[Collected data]
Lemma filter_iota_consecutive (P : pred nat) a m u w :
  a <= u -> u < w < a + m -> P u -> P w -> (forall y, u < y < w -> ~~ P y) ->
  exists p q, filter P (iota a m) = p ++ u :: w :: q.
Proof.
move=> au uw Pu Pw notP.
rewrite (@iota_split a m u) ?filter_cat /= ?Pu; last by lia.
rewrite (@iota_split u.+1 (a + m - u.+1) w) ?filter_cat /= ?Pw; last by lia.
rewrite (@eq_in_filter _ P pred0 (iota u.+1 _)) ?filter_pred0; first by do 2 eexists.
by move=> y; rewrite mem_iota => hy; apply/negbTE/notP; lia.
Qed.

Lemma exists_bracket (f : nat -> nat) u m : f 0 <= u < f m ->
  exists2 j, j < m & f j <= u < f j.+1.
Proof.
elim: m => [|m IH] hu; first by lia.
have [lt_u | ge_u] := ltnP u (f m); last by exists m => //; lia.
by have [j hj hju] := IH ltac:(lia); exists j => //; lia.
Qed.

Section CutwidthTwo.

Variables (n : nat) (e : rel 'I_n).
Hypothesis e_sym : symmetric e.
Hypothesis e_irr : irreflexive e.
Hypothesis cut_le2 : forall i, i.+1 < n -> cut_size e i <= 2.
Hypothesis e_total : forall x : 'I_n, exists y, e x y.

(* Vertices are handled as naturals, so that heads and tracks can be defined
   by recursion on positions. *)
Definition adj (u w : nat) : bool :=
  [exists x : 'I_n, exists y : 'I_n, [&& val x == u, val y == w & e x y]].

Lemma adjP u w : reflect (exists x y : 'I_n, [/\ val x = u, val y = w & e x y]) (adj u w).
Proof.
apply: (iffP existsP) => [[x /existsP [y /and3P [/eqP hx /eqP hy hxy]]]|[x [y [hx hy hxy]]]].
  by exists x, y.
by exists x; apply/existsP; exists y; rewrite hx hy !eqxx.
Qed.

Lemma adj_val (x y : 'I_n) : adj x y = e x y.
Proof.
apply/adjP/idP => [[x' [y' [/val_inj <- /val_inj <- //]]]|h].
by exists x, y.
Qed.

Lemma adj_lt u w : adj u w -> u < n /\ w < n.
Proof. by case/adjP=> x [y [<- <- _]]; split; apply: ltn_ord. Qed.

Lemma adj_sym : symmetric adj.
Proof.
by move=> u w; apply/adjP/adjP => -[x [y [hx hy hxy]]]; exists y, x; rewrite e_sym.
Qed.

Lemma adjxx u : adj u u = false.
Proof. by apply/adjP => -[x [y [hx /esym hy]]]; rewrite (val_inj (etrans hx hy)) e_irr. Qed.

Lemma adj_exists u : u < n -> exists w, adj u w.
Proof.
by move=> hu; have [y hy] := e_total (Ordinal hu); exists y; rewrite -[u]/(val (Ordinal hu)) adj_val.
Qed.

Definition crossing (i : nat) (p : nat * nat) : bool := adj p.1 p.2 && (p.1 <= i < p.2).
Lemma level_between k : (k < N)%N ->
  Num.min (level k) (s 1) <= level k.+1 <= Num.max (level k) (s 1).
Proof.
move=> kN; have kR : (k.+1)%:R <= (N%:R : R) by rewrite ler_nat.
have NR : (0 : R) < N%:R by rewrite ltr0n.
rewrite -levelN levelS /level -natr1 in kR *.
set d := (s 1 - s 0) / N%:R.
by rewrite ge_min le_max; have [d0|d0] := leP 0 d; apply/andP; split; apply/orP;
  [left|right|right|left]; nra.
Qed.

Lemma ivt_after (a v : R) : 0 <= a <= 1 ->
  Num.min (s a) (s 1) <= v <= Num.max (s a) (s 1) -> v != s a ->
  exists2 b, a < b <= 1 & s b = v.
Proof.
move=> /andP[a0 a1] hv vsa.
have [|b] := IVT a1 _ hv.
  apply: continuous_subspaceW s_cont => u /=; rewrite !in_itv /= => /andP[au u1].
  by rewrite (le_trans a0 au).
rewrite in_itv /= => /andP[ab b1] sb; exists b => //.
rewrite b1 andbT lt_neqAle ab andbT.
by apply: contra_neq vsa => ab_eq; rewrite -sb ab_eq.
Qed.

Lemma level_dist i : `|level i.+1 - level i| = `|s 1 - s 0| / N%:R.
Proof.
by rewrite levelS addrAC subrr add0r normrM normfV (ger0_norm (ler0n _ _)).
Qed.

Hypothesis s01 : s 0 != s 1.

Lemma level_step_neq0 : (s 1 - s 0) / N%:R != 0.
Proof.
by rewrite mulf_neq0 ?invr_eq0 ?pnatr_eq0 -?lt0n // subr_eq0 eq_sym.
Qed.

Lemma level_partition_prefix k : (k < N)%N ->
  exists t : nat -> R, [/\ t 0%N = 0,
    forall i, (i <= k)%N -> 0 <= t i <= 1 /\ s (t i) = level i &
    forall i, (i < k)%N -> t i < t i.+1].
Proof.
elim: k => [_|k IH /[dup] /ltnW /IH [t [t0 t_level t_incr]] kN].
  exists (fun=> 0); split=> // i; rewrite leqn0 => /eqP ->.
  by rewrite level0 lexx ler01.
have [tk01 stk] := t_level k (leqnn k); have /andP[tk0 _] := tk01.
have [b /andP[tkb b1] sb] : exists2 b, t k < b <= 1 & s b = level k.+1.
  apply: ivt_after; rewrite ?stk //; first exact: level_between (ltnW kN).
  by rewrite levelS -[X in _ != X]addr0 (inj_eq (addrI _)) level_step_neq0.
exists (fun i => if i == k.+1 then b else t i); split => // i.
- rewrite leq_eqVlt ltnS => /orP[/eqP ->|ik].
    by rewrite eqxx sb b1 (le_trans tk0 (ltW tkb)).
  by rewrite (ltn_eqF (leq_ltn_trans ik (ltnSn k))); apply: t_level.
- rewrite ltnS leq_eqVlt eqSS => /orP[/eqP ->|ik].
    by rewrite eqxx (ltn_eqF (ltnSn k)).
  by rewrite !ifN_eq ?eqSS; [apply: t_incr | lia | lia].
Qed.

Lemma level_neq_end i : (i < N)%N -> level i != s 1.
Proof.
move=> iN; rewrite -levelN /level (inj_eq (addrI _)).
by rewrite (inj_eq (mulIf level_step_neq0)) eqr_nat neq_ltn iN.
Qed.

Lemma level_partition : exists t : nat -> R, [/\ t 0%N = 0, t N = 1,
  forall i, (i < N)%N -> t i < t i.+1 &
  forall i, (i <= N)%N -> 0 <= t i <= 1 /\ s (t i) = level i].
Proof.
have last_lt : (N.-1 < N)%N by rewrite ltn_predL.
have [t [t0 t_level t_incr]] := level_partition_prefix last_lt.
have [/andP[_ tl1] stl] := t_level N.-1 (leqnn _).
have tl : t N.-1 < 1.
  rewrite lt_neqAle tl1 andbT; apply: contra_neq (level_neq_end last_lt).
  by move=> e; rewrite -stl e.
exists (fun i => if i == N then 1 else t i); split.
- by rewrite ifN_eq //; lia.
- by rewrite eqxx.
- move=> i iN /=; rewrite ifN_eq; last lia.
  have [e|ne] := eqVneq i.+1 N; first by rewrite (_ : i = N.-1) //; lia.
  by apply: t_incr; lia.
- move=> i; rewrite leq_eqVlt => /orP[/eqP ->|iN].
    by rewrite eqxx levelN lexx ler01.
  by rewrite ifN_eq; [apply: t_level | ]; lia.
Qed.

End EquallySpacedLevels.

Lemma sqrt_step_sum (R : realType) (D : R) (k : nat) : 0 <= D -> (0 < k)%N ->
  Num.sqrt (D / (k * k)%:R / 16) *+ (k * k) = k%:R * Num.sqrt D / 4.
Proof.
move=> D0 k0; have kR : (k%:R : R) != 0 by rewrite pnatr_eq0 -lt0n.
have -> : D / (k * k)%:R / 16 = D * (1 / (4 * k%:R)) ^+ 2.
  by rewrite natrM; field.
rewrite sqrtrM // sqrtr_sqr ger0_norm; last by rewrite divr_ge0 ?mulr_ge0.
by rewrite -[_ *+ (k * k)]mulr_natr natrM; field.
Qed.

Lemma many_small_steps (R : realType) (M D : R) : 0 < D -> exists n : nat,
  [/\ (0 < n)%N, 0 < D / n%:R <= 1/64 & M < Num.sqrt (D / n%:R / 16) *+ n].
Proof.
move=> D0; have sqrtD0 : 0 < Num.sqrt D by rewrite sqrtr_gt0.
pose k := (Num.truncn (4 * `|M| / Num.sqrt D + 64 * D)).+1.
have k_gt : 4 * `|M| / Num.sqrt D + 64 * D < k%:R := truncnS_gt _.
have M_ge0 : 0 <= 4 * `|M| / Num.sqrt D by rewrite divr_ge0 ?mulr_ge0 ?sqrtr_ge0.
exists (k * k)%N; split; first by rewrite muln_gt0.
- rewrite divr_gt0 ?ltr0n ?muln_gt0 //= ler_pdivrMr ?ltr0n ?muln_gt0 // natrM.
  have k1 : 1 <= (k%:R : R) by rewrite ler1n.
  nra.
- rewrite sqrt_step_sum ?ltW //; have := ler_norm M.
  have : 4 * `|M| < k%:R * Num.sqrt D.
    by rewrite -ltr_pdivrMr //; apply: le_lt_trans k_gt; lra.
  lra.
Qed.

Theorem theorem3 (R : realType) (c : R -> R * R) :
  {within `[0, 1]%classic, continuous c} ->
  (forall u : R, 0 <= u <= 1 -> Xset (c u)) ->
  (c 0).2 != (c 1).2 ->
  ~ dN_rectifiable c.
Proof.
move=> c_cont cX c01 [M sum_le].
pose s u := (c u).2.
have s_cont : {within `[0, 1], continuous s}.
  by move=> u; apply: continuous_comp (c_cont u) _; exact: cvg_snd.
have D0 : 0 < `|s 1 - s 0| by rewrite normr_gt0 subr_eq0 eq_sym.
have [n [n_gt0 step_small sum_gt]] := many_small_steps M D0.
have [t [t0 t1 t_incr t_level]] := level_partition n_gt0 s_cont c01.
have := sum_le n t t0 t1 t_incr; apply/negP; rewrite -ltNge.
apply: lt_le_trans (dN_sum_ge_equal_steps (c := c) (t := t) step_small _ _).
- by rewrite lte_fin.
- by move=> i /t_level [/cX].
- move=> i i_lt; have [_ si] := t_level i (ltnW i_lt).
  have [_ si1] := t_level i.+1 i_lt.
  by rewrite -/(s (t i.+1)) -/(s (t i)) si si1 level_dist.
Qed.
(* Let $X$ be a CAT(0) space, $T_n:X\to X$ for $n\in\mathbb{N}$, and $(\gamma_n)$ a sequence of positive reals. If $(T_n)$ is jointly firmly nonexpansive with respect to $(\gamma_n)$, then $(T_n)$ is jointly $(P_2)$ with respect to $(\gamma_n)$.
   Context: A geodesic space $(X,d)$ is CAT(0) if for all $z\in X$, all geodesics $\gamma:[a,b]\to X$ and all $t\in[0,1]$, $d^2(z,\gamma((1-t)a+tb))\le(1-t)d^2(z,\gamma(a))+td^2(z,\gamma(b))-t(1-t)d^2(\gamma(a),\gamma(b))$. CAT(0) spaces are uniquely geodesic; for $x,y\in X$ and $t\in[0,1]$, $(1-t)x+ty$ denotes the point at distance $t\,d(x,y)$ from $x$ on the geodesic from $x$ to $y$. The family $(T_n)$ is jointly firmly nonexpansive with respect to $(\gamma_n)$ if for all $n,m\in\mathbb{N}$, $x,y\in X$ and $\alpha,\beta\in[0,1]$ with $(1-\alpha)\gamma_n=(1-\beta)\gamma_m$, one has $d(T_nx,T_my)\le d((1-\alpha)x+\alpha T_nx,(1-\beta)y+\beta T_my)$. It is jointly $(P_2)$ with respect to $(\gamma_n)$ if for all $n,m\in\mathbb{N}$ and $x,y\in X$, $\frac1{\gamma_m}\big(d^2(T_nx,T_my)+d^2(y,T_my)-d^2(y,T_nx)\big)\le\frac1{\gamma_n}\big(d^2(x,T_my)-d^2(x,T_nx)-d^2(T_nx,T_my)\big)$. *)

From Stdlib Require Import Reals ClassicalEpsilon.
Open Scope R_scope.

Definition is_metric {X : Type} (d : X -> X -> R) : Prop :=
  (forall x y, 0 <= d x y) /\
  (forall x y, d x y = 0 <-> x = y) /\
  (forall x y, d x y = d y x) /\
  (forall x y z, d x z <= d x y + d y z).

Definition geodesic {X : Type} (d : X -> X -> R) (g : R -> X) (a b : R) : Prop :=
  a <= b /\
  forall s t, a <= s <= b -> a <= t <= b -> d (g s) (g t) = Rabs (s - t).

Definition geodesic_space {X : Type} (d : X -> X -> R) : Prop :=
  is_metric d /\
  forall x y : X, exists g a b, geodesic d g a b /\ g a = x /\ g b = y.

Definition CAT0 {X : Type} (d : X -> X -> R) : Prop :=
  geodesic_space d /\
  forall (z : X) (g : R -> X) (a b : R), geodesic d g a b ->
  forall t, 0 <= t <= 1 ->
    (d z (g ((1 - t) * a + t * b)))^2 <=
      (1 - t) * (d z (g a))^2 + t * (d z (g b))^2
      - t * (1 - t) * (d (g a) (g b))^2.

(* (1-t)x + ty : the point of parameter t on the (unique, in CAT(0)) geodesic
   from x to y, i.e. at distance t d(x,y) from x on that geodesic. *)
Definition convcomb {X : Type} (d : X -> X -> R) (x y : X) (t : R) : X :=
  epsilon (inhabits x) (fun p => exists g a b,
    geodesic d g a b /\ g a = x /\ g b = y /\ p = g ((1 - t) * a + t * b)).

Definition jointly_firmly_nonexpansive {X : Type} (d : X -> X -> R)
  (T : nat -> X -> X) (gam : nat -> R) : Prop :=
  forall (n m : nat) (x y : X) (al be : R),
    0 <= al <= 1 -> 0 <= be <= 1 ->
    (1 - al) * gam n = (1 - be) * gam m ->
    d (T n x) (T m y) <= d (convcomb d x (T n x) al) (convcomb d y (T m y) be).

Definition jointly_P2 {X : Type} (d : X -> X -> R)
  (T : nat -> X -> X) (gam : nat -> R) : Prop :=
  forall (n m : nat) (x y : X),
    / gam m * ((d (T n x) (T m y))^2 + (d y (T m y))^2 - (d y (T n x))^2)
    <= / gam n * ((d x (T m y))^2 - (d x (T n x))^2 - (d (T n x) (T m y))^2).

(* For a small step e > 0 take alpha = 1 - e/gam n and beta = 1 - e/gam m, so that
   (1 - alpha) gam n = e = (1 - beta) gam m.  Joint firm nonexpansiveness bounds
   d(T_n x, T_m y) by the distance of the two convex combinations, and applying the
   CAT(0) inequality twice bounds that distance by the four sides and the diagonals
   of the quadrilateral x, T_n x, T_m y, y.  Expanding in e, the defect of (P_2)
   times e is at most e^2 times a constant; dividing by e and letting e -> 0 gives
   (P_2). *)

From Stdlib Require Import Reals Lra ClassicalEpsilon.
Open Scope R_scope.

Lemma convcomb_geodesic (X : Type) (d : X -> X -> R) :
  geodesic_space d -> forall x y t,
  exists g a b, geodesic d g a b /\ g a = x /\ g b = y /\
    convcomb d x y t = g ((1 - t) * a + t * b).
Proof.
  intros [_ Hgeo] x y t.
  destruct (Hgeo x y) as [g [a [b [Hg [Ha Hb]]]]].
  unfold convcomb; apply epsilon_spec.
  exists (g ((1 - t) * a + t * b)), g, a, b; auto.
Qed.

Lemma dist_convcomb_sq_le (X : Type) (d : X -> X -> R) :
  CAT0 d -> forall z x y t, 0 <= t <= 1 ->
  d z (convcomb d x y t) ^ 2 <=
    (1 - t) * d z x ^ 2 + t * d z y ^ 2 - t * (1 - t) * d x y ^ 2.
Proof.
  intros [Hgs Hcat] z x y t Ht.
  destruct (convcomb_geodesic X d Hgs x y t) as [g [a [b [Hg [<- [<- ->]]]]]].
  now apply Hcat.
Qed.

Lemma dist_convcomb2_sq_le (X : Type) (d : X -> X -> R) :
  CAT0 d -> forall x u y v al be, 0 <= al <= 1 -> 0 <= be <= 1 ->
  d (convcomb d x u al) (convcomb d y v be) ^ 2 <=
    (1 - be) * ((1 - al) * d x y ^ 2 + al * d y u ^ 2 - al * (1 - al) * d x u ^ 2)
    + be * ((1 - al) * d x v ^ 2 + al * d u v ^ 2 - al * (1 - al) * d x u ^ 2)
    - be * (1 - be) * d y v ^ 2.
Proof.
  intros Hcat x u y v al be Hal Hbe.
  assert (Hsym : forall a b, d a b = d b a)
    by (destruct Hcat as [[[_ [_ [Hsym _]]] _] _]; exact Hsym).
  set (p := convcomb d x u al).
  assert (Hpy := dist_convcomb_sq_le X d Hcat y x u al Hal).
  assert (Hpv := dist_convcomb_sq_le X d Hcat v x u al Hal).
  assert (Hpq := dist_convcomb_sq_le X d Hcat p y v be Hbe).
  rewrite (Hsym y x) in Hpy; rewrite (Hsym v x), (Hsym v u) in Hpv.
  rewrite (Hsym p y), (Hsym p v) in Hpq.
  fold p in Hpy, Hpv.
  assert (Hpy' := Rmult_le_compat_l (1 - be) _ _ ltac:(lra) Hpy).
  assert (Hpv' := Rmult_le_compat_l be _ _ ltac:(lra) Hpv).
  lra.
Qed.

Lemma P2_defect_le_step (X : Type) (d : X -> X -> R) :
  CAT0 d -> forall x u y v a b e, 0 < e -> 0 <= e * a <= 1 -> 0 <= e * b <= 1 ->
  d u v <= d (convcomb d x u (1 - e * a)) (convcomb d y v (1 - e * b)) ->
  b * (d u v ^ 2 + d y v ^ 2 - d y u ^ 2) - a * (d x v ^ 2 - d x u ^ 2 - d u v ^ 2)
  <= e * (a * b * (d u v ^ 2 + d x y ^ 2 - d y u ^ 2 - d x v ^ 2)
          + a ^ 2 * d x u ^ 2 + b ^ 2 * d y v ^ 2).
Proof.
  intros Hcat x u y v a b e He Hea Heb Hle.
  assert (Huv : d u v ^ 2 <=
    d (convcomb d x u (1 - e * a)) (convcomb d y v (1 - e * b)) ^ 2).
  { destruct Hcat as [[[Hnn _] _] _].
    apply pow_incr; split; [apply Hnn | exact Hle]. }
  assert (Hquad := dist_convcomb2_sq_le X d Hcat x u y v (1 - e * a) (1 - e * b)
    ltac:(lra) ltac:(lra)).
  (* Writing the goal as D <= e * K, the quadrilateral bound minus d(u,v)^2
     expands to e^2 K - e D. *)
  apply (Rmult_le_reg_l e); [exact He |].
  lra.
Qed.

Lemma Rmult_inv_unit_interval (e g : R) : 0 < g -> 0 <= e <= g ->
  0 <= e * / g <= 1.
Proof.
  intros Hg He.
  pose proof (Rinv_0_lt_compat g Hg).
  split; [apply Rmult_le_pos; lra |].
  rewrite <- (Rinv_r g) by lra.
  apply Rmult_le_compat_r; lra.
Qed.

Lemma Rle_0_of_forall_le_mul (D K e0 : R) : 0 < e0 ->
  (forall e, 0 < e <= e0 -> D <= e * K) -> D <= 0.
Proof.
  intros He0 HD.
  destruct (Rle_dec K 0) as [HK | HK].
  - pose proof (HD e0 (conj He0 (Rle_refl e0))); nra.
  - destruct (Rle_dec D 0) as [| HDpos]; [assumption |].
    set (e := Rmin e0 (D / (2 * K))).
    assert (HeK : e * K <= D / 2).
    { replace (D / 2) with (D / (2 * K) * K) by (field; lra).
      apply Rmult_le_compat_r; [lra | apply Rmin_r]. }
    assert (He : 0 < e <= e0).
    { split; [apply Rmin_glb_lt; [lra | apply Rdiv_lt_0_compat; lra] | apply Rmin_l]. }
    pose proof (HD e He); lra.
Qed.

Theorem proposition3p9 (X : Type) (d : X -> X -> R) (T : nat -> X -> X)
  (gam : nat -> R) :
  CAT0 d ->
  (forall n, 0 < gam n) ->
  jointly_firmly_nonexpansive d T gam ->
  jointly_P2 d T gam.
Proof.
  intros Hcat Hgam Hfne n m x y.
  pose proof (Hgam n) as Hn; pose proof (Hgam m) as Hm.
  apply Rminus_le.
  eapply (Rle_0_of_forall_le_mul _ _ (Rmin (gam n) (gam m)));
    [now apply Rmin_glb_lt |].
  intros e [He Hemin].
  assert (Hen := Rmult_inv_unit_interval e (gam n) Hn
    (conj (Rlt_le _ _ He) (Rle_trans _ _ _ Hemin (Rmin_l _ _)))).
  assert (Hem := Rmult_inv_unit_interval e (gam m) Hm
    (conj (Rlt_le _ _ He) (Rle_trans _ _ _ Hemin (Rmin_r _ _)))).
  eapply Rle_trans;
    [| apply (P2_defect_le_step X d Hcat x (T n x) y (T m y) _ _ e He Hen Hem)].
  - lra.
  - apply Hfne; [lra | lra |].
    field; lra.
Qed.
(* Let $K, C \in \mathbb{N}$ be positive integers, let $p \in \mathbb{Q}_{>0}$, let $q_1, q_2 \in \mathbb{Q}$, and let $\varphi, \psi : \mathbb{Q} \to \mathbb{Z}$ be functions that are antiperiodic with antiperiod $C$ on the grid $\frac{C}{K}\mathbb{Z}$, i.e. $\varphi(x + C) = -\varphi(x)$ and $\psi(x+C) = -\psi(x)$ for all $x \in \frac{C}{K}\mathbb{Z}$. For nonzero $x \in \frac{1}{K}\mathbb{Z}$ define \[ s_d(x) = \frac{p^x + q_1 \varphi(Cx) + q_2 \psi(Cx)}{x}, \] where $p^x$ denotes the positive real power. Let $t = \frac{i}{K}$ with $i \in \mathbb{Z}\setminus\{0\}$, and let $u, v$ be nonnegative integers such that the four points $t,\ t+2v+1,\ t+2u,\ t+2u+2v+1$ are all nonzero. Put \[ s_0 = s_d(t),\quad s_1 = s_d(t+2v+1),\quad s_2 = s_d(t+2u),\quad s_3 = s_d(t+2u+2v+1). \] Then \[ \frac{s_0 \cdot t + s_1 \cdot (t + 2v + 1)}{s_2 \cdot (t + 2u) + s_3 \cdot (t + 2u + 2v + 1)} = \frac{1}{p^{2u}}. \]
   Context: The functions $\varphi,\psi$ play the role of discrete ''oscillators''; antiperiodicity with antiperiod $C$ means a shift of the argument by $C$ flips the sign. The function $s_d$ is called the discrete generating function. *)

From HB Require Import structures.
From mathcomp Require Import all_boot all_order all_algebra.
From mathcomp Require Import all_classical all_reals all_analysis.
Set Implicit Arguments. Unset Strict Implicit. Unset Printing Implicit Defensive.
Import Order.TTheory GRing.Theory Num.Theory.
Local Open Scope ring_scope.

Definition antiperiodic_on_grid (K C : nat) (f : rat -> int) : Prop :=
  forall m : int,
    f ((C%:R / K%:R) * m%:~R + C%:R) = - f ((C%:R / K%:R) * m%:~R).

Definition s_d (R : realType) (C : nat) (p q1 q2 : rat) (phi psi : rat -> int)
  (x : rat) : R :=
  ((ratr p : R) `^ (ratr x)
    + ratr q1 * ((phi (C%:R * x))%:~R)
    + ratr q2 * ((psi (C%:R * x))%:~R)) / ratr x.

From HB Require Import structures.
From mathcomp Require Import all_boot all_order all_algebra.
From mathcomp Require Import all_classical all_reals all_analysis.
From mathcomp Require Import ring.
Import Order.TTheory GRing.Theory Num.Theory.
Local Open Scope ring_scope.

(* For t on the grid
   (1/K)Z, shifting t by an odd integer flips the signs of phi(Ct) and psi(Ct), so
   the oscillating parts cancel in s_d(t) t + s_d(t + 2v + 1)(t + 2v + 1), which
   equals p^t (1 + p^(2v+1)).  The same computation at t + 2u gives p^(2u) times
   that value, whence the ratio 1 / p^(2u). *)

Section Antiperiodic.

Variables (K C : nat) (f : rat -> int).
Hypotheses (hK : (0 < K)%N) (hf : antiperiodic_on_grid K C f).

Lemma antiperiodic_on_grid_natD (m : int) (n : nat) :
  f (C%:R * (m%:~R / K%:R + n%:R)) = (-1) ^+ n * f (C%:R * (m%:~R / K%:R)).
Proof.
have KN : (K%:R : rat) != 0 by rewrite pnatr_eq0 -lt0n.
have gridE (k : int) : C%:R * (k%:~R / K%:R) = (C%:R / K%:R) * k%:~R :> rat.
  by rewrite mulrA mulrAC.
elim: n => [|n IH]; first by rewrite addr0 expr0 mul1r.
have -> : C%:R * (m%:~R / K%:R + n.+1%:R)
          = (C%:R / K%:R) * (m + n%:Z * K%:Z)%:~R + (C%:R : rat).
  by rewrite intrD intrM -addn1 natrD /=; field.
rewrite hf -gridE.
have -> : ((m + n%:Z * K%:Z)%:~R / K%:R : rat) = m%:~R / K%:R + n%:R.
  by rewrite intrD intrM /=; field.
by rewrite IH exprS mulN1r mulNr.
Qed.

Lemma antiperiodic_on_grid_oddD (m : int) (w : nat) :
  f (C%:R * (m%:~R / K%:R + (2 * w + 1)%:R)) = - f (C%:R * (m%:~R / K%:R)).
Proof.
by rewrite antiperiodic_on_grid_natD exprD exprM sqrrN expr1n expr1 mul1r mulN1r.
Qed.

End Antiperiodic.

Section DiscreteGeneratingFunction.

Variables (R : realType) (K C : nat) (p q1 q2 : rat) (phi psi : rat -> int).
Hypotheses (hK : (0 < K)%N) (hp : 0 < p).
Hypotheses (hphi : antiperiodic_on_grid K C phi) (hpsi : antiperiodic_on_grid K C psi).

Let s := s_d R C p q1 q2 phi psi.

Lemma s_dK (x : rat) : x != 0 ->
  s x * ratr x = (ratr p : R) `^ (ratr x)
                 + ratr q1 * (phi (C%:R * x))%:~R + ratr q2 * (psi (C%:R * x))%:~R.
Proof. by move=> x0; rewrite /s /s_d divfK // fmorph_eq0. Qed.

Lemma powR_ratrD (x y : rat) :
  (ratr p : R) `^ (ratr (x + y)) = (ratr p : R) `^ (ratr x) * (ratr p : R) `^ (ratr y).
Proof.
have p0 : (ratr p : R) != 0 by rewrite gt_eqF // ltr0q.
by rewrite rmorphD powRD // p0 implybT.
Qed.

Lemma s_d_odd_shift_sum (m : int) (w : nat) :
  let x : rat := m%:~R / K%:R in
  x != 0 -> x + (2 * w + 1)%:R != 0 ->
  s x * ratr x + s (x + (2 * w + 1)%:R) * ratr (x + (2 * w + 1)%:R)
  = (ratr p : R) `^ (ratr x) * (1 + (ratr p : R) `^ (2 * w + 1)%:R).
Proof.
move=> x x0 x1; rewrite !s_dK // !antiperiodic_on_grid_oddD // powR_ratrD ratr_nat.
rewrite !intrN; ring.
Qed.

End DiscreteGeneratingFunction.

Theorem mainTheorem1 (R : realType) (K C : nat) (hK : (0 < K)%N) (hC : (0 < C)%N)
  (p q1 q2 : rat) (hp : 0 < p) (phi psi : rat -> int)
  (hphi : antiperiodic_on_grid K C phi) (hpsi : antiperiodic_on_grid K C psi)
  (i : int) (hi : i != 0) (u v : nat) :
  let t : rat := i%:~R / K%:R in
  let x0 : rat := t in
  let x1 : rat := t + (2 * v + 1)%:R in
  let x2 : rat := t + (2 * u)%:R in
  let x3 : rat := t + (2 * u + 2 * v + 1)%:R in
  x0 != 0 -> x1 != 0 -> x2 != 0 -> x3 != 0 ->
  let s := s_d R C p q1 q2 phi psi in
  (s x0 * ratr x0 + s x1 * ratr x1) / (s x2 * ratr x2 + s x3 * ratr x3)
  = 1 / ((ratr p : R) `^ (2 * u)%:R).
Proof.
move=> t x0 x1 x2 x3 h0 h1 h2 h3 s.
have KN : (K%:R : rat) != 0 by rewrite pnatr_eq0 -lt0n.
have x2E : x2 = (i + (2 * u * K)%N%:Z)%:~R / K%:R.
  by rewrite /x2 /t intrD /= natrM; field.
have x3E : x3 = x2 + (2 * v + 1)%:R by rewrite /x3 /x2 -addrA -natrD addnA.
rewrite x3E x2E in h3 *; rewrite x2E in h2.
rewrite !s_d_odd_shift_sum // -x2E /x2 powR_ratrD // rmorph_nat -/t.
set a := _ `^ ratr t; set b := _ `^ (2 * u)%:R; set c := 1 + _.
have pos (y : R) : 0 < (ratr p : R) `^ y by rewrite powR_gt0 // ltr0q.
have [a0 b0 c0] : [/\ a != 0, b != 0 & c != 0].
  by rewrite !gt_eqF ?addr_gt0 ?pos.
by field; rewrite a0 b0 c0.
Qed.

◆ **Exercise prompt**: Using the data above, transcribe the lines that run from the line with "have x2E : x2" to the line with "rewrite !s_d_odd_shift_sum //", both ends kept, and output nothing else.

◆ **Exercise solution**:
have x2E : x2 = (i + (2 * u * K)%N%:Z)%:~R / K%:R.
  by rewrite /x2 /t intrD /= natrM; field.
have x3E : x3 = x2 + (2 * v + 1)%:R by rewrite /x3 /x2 -addrA -natrD addnA.
rewrite x3E x2E in h3 *; rewrite x2E in h2.
rewrite !s_d_odd_shift_sum // -x2E /x2 powR_ratrD // rmorph_nat -/t.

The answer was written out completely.